## SUPPLIED RECORDS

Lemma geometric_tail_small (C r : R) : 0 <= C -> 0 <= r < 1 ->
  forall eps, 0 < eps -> exists N, forall n, (N <= n)%nat -> C * r ^ n / (1 - r) < eps.
Proof.
intros HC Hr eps Heps.
destruct (pow_lt_1_zero r ltac:(rewrite Rabs_pos_eq; lra) (eps * (1 - r) / (C + 1)))
  as [N HN]; [apply Rdiv_lt_0_compat; [apply Rmult_lt_0_compat|]; lra|].
exists N; intros n Hn; specialize (HN n Hn).
rewrite Rabs_pos_eq in HN by (apply pow_le; lra).
apply (Rmult_lt_reg_r (1 - r)); [lra|].
replace (C * r ^ n / (1 - r) * (1 - r)) with (C * r ^ n) by (field; lra).
apply (Rmult_lt_reg_r (/ (C + 1))); [apply Rinv_0_lt_compat; lra|].
apply (Rle_lt_trans _ (r ^ n)); [|unfold Rdiv in HN; lra].
apply (Rmult_le_reg_r (C + 1)); [lra|].
replace (C * r ^ n * / (C + 1) * (C + 1)) with (C * r ^ n) by (field; lra).
pose proof (pow_le r n (proj1 Hr)); nra.
Qed.

Lemma sum_geometric (C r : R) (N : nat) : r <> 1 ->
  sum_f_R0 (fun k => C * r ^ k) N = C * (1 - r ^ S N) / (1 - r).
Proof.
intros Hr; rewrite (sum_eq _ (fun k => r ^ k * C)) by (intros; ring).
rewrite <- scal_sum, tech3 by exact Hr; unfold Rdiv; ring.
Qed.

Lemma Un_cv_geometric (C r : R) : 0 <= r < 1 ->
  Un_cv (fun N => sum_f_R0 (fun k => C * r ^ k) N) (C / (1 - r)).
Proof.
intros Hr eps Heps.
destruct (geometric_tail_small (Rabs C) r (Rabs_pos C) Hr eps Heps) as [N HN].
exists N; intros n Hn; unfold R_dist.
rewrite sum_geometric by lra.
replace (C * (1 - r ^ S n) / (1 - r) - C / (1 - r)) with (- (C * r ^ S n / (1 - r)))
  by (field; lra).
unfold Rdiv; rewrite Rabs_Ropp, !Rabs_mult, Rabs_inv, (Rabs_pos_eq (r ^ S n)),
  (Rabs_pos_eq (1 - r)) by (try apply pow_le; lra).
apply HN; lia.
Qed.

## PROBLEM TO SOLVE
Using the data above, show each line where "ring" occurs.

## ANSWER
intros Hr; rewrite (sum_eq _ (fun k => r ^ k * C)) by (intros; ring).
rewrite <- scal_sum, tech3 by exact Hr; unfold Rdiv; ring.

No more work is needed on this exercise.